### WHAT YOU SHOULD DO
Output exactly the lines below, starting with the line that has "AB_path_system E A B P ->" and going on through the line that has "Section OneStep.", both included, and no other lines.

[INPUT DATA — start]

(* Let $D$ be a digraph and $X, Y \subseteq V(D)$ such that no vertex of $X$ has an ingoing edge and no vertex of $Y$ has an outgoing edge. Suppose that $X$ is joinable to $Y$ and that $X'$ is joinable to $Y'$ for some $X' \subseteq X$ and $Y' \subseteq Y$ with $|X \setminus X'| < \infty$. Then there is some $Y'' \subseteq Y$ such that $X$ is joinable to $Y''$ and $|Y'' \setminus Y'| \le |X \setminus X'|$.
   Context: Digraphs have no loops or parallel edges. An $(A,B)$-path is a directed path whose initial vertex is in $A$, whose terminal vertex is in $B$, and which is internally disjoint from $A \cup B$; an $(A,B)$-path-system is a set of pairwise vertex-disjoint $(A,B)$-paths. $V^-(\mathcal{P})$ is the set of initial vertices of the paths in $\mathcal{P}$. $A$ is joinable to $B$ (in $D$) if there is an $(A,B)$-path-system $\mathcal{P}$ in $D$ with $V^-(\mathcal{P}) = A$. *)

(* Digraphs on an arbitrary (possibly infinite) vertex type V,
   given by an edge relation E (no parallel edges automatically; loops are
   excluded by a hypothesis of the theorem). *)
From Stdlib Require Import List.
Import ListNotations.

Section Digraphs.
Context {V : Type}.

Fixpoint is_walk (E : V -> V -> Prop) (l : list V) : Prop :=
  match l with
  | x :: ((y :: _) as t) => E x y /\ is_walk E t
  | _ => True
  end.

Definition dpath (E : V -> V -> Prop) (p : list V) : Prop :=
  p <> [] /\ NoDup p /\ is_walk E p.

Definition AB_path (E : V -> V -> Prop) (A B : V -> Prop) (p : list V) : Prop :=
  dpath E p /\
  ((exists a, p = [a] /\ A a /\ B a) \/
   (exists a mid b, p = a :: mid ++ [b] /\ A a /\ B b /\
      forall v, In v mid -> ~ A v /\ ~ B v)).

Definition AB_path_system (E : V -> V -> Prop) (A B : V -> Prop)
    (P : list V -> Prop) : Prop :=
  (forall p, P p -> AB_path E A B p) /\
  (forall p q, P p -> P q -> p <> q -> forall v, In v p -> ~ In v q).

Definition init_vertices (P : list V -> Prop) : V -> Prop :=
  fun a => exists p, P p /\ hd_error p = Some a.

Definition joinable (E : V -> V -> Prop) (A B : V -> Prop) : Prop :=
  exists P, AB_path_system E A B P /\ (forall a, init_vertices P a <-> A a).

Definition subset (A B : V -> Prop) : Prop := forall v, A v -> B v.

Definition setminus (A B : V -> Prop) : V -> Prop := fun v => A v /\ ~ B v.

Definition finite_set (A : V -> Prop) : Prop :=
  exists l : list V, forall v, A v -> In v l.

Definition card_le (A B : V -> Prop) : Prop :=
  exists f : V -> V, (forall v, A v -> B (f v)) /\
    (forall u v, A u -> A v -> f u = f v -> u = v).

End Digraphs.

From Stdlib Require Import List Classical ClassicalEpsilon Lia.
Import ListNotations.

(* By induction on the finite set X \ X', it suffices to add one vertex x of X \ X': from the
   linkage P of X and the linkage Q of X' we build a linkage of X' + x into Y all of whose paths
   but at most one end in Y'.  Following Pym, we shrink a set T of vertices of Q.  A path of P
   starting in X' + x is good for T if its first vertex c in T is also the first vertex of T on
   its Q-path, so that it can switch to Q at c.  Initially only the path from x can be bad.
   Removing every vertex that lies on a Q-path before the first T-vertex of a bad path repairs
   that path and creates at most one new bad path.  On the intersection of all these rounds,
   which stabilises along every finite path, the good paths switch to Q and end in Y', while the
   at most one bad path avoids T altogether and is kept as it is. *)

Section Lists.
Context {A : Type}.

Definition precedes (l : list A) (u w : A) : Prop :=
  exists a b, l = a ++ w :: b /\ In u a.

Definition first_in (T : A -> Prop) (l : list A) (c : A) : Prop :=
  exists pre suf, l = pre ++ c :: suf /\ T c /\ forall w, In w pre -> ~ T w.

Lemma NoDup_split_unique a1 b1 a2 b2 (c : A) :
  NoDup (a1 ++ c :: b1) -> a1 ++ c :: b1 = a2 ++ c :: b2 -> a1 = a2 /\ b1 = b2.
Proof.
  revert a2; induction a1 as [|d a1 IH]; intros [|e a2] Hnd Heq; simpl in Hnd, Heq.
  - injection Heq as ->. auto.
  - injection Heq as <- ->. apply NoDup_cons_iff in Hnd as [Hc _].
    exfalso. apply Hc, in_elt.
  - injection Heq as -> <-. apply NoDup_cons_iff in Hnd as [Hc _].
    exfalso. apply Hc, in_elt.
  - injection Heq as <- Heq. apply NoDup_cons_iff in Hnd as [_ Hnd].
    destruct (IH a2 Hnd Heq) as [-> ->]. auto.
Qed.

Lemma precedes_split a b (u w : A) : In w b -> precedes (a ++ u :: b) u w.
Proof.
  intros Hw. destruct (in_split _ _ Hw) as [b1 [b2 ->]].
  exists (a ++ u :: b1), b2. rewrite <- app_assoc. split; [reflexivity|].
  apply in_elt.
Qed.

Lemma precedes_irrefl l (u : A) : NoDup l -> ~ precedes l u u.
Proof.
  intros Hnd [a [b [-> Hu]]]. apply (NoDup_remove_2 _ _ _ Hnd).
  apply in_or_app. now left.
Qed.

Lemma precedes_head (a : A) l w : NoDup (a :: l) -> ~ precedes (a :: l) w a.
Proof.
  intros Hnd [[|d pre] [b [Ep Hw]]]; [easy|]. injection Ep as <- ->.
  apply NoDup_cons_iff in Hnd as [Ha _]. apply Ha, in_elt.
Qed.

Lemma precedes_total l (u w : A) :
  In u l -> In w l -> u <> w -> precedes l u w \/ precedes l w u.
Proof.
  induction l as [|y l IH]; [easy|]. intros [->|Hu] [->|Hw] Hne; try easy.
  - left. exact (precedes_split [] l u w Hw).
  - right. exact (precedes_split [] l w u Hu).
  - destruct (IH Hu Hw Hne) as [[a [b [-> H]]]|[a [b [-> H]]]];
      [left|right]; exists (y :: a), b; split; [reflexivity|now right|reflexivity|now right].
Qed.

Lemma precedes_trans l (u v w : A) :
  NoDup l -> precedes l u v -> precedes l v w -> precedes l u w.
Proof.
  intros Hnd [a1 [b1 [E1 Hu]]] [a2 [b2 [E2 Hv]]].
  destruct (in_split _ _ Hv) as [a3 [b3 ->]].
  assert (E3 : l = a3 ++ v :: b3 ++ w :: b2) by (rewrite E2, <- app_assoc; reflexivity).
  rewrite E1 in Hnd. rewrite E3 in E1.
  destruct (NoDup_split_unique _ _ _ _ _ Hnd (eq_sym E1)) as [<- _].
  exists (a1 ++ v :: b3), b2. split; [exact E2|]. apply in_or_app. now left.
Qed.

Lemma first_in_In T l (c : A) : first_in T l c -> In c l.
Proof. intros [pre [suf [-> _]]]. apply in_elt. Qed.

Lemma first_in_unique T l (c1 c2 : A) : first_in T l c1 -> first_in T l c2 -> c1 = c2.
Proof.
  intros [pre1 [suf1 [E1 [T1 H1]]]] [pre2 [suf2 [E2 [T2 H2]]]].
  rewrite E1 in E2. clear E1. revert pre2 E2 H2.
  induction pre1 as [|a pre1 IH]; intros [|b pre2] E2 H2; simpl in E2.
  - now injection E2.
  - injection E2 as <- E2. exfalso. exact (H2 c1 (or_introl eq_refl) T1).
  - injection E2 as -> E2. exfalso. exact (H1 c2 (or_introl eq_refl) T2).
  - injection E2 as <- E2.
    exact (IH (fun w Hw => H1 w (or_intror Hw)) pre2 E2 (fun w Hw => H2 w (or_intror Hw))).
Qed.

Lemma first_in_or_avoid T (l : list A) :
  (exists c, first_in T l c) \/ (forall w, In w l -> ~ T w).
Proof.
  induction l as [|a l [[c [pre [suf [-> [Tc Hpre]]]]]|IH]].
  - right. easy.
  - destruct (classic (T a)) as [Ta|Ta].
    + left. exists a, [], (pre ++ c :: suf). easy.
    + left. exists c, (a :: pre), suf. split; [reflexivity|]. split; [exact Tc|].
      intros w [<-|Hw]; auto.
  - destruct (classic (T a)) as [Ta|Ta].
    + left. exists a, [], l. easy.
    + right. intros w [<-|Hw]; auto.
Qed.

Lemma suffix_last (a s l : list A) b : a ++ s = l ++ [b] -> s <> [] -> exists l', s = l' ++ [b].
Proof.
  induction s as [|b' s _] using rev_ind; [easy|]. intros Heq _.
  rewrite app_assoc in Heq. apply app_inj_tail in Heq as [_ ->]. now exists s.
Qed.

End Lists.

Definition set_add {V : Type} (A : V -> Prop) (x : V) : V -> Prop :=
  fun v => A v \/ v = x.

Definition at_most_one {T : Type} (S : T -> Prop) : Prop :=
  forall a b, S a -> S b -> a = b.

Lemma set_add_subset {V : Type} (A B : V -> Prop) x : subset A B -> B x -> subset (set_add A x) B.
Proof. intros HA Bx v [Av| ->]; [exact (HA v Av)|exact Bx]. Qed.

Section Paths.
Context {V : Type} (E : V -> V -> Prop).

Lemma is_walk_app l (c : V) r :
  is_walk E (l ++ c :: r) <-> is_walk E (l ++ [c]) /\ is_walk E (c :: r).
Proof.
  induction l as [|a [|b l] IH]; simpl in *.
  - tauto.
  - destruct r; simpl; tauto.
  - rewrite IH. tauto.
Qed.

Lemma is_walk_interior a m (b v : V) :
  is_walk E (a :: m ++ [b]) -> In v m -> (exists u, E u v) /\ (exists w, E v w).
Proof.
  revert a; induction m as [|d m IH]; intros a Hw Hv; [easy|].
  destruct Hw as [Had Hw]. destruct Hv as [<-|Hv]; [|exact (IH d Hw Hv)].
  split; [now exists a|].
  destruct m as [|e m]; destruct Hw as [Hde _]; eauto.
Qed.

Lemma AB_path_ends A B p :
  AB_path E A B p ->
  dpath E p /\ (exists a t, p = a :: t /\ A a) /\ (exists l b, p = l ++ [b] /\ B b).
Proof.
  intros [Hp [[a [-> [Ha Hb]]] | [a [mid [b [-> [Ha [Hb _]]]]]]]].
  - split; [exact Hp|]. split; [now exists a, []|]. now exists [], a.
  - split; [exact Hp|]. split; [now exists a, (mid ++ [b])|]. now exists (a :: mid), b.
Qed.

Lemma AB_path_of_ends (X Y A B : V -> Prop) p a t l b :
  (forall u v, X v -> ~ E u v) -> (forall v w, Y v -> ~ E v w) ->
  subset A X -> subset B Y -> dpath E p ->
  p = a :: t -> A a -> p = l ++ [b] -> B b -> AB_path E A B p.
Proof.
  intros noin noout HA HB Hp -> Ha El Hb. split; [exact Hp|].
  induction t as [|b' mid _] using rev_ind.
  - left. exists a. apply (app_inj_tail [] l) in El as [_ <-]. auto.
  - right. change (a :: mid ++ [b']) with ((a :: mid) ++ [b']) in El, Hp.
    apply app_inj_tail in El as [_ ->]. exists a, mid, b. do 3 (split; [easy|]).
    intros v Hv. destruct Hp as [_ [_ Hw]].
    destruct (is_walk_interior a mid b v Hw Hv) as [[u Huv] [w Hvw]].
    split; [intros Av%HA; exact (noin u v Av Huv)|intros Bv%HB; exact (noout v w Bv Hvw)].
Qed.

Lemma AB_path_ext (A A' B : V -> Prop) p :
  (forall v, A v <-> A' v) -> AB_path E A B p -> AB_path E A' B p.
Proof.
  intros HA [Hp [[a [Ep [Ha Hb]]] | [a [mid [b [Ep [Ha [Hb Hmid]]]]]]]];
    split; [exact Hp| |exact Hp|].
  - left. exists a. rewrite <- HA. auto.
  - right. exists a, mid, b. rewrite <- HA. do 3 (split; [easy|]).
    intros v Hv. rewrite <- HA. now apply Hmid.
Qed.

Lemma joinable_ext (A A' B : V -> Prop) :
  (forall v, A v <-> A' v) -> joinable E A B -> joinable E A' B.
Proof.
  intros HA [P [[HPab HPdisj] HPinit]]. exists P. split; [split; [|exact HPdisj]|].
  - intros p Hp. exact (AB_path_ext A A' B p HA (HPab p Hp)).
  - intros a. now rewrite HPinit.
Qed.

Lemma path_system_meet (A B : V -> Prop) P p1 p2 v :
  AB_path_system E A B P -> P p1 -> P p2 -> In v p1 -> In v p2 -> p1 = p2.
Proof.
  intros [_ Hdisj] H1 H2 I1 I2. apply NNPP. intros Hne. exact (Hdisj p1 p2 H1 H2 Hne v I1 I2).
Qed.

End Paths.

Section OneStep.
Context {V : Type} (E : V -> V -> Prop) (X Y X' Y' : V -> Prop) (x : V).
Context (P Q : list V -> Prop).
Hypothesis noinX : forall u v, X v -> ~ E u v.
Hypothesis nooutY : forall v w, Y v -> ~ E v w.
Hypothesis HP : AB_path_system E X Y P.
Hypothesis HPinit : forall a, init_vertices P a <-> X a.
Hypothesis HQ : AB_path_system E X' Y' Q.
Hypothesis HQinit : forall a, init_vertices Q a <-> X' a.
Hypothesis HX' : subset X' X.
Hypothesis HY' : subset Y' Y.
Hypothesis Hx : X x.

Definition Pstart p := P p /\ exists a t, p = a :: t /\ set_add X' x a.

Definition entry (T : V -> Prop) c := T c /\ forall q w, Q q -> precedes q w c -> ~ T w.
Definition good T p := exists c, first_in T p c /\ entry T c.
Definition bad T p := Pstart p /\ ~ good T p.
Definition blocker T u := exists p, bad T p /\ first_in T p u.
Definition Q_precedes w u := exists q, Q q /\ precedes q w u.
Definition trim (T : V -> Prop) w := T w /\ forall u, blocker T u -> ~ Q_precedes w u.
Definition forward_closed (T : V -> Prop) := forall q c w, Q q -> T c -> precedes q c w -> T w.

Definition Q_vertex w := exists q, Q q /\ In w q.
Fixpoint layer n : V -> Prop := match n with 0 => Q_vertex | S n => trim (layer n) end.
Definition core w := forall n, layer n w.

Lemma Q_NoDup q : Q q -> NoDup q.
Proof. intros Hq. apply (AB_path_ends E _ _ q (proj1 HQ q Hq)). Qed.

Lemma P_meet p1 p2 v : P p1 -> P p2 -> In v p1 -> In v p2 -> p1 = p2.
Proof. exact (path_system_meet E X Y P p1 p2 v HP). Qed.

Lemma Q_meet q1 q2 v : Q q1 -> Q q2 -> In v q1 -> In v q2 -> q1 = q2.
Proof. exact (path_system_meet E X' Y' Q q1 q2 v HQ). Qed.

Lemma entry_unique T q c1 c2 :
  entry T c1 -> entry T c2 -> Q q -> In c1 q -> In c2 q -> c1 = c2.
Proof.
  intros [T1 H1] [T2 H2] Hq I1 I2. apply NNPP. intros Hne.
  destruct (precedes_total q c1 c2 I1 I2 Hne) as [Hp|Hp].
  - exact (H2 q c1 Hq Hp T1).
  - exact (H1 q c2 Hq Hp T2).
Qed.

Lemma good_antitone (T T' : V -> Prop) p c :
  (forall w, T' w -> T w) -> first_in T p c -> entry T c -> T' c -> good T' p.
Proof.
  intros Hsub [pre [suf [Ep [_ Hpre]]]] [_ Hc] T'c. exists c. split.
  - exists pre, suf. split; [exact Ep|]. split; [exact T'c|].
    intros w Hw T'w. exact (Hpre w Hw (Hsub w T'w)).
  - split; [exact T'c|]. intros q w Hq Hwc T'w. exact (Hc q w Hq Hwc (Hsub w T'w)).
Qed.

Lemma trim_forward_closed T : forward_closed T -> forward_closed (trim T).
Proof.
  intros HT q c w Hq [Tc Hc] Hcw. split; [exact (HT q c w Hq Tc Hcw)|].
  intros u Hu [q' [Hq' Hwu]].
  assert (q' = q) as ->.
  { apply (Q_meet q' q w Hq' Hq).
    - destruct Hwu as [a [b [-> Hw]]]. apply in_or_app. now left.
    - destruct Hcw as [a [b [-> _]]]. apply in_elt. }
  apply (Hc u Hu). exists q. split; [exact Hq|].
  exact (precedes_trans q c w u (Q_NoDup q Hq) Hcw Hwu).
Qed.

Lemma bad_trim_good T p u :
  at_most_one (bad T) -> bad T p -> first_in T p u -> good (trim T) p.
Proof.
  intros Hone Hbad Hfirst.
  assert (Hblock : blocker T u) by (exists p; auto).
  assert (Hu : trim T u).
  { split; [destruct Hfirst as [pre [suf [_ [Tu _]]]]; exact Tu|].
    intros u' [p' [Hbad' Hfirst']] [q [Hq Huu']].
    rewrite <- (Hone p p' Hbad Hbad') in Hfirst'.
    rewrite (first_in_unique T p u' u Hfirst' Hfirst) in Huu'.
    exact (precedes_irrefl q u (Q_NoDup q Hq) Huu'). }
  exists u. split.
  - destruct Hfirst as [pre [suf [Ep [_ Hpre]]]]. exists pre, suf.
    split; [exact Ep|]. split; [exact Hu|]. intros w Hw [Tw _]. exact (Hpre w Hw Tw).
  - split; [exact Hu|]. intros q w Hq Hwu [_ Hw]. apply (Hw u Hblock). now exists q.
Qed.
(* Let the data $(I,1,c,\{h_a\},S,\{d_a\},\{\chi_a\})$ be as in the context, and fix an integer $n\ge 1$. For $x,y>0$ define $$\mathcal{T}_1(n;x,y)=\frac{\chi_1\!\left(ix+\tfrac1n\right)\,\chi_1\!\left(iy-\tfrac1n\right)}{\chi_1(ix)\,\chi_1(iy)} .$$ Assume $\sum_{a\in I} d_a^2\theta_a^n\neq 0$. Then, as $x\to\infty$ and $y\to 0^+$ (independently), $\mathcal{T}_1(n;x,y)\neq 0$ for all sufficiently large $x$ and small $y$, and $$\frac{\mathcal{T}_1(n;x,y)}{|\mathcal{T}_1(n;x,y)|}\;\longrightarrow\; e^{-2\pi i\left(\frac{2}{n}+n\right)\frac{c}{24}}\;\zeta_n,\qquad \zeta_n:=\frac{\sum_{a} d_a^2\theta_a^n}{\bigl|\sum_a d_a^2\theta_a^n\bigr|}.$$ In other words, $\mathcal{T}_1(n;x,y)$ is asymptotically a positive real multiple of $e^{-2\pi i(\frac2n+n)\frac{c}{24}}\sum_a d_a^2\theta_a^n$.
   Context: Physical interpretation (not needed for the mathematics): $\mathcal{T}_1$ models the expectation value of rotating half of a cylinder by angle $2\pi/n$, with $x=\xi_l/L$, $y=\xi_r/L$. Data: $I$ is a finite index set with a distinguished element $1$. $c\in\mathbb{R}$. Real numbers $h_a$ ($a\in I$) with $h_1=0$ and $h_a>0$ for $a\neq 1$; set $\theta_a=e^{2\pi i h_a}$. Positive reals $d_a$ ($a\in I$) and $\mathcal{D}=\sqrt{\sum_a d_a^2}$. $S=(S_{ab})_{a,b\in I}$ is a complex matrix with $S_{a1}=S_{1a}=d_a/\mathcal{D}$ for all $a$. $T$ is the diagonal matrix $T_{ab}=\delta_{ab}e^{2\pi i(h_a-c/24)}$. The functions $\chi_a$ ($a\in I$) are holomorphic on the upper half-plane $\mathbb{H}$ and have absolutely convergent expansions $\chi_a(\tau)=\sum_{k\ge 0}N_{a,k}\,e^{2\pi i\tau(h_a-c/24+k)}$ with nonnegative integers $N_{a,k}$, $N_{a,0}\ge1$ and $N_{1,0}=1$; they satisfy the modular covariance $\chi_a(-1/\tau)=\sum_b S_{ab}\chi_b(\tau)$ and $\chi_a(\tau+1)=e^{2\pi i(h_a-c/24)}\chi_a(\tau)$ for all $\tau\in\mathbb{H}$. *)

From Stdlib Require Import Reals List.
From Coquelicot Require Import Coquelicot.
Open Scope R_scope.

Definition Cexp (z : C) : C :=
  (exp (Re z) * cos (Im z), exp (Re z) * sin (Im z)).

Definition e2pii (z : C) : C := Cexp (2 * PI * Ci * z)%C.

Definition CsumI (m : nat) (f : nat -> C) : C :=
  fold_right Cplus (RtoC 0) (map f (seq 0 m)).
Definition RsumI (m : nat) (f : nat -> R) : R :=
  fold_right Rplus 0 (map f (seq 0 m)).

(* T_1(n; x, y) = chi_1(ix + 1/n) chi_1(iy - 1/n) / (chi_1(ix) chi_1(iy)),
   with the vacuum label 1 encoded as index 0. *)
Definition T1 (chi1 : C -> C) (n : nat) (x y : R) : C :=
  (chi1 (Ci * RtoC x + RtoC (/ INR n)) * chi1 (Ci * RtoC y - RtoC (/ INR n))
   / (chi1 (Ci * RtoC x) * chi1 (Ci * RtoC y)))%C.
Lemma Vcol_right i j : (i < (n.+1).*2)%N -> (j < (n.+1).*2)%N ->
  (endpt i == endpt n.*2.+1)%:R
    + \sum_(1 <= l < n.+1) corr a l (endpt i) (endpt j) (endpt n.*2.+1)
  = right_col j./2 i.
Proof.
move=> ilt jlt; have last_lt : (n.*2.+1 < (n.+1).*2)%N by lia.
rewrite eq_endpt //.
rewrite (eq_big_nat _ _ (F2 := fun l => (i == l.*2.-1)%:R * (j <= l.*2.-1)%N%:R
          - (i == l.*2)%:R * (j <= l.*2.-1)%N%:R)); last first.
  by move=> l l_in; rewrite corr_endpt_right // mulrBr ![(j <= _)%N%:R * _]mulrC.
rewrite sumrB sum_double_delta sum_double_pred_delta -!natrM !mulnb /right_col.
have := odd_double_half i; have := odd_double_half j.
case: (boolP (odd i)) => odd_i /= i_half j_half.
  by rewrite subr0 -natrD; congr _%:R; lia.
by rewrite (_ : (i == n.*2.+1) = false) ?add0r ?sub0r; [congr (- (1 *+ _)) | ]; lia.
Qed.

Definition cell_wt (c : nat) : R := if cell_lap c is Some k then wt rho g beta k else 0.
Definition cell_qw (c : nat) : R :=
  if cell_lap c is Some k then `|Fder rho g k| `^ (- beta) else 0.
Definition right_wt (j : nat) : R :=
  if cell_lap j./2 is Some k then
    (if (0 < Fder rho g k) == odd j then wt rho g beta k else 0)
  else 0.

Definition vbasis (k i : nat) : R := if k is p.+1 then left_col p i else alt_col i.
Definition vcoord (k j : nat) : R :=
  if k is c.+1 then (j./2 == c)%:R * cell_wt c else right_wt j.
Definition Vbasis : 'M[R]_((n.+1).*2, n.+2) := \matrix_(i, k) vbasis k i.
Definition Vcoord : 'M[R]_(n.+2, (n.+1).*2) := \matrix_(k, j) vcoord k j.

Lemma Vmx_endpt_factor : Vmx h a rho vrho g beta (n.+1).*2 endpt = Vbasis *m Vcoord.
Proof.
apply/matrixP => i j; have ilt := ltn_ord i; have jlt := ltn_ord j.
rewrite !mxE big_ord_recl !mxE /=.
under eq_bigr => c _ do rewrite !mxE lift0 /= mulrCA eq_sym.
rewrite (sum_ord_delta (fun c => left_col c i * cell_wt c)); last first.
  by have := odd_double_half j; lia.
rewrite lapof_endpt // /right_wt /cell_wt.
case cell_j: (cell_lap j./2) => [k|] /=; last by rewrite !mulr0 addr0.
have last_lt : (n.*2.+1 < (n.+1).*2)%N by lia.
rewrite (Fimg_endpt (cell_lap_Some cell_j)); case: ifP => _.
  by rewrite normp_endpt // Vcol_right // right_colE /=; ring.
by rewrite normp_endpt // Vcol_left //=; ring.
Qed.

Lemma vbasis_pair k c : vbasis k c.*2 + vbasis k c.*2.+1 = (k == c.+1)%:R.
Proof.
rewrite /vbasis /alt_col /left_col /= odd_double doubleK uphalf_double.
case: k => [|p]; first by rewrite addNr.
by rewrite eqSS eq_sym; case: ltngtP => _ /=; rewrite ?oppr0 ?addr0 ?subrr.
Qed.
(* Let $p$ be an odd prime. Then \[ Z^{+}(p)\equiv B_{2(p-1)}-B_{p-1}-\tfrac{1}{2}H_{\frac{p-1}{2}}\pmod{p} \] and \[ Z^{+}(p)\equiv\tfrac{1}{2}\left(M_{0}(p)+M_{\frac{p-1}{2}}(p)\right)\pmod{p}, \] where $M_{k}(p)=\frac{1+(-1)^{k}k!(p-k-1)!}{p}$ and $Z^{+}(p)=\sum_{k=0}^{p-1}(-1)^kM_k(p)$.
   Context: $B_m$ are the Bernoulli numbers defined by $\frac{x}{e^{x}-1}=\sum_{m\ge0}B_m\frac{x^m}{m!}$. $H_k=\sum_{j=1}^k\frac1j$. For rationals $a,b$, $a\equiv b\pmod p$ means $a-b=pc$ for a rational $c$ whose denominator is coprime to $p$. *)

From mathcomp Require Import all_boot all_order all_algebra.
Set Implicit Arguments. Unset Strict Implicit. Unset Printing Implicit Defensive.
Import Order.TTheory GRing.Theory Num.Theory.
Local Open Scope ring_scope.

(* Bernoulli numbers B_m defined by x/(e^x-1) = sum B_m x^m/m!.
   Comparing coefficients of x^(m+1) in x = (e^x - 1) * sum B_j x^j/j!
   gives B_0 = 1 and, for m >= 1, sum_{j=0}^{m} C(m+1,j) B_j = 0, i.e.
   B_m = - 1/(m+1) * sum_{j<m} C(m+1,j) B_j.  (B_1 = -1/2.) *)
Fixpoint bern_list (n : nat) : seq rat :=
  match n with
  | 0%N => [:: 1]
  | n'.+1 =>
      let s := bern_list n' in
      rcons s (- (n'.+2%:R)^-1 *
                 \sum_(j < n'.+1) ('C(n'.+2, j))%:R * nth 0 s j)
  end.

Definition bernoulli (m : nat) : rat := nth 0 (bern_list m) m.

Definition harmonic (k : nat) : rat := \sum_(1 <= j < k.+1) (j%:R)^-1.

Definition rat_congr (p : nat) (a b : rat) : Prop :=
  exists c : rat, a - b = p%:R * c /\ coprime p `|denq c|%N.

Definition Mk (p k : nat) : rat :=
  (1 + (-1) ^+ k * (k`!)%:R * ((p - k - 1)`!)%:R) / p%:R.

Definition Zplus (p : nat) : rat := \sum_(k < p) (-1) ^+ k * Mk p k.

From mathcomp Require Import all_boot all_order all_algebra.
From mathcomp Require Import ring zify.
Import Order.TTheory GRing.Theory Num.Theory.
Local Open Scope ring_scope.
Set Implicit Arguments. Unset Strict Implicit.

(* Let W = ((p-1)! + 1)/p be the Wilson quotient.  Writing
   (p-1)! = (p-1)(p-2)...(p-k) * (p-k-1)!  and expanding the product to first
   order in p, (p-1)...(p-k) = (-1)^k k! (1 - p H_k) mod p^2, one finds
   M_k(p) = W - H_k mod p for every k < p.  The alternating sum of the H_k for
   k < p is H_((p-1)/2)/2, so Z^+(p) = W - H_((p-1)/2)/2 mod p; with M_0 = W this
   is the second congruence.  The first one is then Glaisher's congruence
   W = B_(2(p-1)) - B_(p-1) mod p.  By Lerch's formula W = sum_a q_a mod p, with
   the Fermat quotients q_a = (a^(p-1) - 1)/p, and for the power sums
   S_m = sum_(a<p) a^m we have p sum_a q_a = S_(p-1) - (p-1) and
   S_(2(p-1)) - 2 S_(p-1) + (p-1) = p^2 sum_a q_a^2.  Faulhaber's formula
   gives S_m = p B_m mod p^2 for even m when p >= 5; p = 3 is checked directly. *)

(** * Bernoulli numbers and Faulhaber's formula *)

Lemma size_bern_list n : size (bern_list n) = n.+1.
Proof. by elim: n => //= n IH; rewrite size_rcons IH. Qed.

[INPUT DATA — finish]

### FINISHED TASK
  AB_path_system E A B P -> P p1 -> P p2 -> In v p1 -> In v p2 -> p1 = p2.
Proof.
  intros [_ Hdisj] H1 H2 I1 I2. apply NNPP. intros Hne. exact (Hdisj p1 p2 H1 H2 Hne v I1 I2).
Qed.

End Paths.

Section OneStep.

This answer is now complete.